Exercise
Output only the lines below from the one containing "move=> aX bX" to the one containing "- move=> P5;", exactly as written, both ends kept.

Materials provided
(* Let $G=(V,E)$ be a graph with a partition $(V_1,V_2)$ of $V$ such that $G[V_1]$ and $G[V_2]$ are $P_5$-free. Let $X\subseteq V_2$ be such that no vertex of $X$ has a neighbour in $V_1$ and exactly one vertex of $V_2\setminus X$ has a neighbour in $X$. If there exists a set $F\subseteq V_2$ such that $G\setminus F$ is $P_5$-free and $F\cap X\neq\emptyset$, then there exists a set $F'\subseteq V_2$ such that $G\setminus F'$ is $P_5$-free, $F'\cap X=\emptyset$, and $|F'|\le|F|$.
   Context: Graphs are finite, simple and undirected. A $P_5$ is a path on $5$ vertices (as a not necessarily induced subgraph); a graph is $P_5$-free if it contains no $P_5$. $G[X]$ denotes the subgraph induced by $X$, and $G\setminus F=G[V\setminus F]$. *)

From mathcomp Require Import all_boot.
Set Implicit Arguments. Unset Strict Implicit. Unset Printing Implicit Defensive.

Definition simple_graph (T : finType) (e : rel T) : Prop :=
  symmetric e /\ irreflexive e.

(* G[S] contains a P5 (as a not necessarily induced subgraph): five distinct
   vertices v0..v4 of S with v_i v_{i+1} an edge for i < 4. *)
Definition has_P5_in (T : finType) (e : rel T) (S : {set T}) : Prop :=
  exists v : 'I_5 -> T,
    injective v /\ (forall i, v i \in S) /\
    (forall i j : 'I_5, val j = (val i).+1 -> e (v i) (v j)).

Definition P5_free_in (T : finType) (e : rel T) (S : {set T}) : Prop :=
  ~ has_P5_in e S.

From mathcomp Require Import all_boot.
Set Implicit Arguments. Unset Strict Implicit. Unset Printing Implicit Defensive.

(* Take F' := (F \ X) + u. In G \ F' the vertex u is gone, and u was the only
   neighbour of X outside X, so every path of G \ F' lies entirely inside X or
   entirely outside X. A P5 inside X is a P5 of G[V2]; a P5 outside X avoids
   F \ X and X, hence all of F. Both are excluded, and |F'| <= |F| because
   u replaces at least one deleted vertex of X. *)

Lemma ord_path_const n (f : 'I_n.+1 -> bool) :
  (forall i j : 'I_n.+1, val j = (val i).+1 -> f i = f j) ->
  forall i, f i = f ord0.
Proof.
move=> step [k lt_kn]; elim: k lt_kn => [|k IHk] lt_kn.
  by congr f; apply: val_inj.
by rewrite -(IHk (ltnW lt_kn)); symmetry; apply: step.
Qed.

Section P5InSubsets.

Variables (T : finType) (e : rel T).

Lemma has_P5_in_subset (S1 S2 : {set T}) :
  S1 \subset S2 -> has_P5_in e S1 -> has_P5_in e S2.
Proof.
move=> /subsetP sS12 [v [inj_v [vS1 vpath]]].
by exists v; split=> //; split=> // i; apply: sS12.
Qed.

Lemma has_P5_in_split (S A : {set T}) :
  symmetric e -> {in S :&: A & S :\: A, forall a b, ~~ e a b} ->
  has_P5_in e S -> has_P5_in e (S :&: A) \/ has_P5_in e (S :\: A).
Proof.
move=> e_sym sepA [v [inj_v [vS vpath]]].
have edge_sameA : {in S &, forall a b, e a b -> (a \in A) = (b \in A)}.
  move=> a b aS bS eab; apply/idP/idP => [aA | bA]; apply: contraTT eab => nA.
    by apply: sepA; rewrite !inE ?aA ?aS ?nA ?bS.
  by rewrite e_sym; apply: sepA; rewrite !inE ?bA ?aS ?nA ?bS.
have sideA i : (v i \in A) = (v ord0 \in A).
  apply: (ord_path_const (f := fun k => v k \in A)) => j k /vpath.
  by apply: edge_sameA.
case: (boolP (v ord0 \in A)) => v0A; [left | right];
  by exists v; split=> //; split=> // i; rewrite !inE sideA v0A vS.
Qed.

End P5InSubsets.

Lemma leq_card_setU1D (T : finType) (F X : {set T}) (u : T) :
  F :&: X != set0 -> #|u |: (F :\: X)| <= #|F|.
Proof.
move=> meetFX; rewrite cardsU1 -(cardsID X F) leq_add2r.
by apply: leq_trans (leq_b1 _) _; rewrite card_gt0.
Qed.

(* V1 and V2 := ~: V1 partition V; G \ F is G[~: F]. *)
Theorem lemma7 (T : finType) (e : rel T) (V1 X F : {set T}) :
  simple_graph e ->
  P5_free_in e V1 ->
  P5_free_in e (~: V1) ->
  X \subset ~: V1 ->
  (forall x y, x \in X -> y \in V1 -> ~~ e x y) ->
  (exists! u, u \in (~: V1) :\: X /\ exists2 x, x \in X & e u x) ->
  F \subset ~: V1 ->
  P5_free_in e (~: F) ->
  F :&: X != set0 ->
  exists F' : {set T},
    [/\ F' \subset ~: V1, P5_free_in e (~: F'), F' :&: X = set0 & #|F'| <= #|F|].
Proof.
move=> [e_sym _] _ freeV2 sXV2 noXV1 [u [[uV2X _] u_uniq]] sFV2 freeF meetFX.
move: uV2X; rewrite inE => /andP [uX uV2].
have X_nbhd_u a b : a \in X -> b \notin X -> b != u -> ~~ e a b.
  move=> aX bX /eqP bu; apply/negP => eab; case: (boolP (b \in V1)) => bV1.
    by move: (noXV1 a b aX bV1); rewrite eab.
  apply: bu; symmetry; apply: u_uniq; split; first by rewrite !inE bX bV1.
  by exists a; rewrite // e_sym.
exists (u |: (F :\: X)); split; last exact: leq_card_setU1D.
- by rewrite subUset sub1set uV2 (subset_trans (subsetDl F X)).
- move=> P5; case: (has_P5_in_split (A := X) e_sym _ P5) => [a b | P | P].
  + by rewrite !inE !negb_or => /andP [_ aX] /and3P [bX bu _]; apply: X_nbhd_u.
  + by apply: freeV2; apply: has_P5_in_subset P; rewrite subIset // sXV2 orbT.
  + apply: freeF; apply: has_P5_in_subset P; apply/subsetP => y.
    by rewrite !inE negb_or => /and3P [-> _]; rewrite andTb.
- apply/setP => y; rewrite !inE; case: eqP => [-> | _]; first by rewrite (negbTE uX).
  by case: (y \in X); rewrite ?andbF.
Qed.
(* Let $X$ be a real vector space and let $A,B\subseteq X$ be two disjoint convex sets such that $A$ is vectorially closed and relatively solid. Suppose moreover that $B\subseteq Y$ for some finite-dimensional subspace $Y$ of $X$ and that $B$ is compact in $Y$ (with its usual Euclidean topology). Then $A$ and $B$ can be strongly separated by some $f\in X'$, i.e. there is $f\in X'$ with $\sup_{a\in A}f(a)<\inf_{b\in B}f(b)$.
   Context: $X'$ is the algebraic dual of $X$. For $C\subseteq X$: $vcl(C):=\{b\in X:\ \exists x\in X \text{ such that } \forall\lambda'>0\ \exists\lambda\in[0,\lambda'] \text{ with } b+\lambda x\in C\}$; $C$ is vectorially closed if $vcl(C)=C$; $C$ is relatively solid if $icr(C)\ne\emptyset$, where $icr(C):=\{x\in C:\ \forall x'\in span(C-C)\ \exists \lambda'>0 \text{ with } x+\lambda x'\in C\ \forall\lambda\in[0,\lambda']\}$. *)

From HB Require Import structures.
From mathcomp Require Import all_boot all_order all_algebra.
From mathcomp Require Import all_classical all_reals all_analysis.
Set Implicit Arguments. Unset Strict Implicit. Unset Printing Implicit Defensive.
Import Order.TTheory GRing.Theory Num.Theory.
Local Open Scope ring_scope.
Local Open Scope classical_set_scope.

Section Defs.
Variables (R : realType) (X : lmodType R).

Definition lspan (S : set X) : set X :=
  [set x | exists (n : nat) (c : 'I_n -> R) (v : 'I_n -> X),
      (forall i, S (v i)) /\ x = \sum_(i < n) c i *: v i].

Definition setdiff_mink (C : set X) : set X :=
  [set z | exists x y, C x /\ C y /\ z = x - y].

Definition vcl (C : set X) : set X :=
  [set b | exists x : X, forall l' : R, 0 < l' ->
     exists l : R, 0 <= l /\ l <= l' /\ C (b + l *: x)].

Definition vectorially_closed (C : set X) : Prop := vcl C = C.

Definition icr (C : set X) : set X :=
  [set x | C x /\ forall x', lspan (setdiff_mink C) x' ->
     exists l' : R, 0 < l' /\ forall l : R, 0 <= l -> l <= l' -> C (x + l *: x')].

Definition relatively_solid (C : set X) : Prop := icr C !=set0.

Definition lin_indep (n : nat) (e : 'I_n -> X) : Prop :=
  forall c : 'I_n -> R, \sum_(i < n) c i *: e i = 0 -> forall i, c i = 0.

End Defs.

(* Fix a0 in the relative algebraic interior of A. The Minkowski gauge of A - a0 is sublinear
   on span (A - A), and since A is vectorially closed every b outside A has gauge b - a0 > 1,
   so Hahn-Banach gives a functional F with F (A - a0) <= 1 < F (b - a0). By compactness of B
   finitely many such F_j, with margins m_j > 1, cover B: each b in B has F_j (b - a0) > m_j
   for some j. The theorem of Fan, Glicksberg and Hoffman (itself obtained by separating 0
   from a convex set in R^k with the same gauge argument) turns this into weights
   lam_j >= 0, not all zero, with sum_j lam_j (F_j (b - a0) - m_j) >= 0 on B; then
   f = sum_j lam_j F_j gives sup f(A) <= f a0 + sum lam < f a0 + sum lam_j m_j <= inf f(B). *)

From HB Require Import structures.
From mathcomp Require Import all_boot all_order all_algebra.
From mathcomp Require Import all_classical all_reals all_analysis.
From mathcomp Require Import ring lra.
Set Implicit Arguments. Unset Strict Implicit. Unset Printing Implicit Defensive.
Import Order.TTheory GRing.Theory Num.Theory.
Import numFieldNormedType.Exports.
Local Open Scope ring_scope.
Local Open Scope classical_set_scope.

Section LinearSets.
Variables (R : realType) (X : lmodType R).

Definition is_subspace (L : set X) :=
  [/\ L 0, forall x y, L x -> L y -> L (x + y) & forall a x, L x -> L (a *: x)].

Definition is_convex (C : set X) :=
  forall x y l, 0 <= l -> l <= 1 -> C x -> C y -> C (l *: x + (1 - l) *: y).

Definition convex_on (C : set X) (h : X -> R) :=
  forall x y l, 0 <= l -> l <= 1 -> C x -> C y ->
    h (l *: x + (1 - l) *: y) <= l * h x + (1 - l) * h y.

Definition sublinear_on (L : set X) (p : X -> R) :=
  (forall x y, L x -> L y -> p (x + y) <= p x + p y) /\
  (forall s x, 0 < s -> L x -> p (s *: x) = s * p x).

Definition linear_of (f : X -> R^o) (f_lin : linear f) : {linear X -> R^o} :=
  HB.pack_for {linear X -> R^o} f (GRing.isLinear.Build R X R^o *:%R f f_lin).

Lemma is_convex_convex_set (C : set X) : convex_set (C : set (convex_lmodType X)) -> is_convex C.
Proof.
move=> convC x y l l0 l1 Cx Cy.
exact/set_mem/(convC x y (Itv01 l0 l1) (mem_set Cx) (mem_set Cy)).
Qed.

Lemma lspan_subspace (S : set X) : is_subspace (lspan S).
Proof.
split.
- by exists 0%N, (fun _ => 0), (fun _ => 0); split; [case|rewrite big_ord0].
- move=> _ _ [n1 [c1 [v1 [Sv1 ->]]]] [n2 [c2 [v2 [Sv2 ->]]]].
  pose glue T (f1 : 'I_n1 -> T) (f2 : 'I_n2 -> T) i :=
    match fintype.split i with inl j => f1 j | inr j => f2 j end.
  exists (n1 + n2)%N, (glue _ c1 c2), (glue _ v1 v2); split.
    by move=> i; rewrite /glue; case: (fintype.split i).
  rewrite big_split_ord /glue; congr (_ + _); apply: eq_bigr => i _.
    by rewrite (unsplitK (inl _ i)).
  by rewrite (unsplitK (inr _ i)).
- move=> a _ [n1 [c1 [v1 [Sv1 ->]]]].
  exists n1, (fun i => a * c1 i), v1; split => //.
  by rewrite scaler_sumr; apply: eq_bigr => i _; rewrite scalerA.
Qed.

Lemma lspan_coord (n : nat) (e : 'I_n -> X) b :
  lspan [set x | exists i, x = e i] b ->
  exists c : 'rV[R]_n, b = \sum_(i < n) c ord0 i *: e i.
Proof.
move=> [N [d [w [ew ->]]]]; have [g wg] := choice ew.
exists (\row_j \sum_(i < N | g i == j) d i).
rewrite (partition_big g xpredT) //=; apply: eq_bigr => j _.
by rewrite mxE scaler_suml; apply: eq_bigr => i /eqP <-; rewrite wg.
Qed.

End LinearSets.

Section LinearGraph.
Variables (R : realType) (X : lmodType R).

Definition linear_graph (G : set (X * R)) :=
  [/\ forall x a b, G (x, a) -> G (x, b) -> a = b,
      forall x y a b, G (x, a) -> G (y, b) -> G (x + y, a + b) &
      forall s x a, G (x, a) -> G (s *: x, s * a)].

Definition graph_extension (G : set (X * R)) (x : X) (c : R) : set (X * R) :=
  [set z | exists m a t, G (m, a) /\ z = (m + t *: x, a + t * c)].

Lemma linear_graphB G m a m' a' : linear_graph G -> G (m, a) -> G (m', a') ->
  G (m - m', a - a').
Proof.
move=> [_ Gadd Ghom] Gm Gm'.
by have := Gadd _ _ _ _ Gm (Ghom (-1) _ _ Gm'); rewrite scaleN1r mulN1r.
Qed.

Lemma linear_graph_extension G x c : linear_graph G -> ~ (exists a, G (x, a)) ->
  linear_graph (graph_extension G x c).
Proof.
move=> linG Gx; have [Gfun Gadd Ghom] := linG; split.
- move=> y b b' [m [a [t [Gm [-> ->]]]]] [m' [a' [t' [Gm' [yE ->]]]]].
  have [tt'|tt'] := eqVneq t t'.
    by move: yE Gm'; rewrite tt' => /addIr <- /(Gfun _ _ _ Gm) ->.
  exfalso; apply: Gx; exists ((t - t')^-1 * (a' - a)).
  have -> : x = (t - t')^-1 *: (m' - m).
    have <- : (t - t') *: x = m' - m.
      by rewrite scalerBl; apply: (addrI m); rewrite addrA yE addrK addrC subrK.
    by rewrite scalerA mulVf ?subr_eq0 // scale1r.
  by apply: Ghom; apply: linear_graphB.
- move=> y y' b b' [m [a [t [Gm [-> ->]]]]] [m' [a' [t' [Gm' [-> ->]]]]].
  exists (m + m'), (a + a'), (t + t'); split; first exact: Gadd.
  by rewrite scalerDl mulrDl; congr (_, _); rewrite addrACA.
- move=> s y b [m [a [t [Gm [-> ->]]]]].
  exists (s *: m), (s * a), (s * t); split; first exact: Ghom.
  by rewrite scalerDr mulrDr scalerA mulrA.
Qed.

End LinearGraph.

Answer below
  move=> aX bX /eqP bu; apply/negP => eab; case: (boolP (b \in V1)) => bV1.
    by move: (noXV1 a b aX bV1); rewrite eab.
  apply: bu; symmetry; apply: u_uniq; split; first by rewrite !inE bX bV1.
  by exists a; rewrite // e_sym.
exists (u |: (F :\: X)); split; last exact: leq_card_setU1D.
- by rewrite subUset sub1set uV2 (subset_trans (subsetDl F X)).
- move=> P5; case: (has_P5_in_split (A := X) e_sym _ P5) => [a b | P | P].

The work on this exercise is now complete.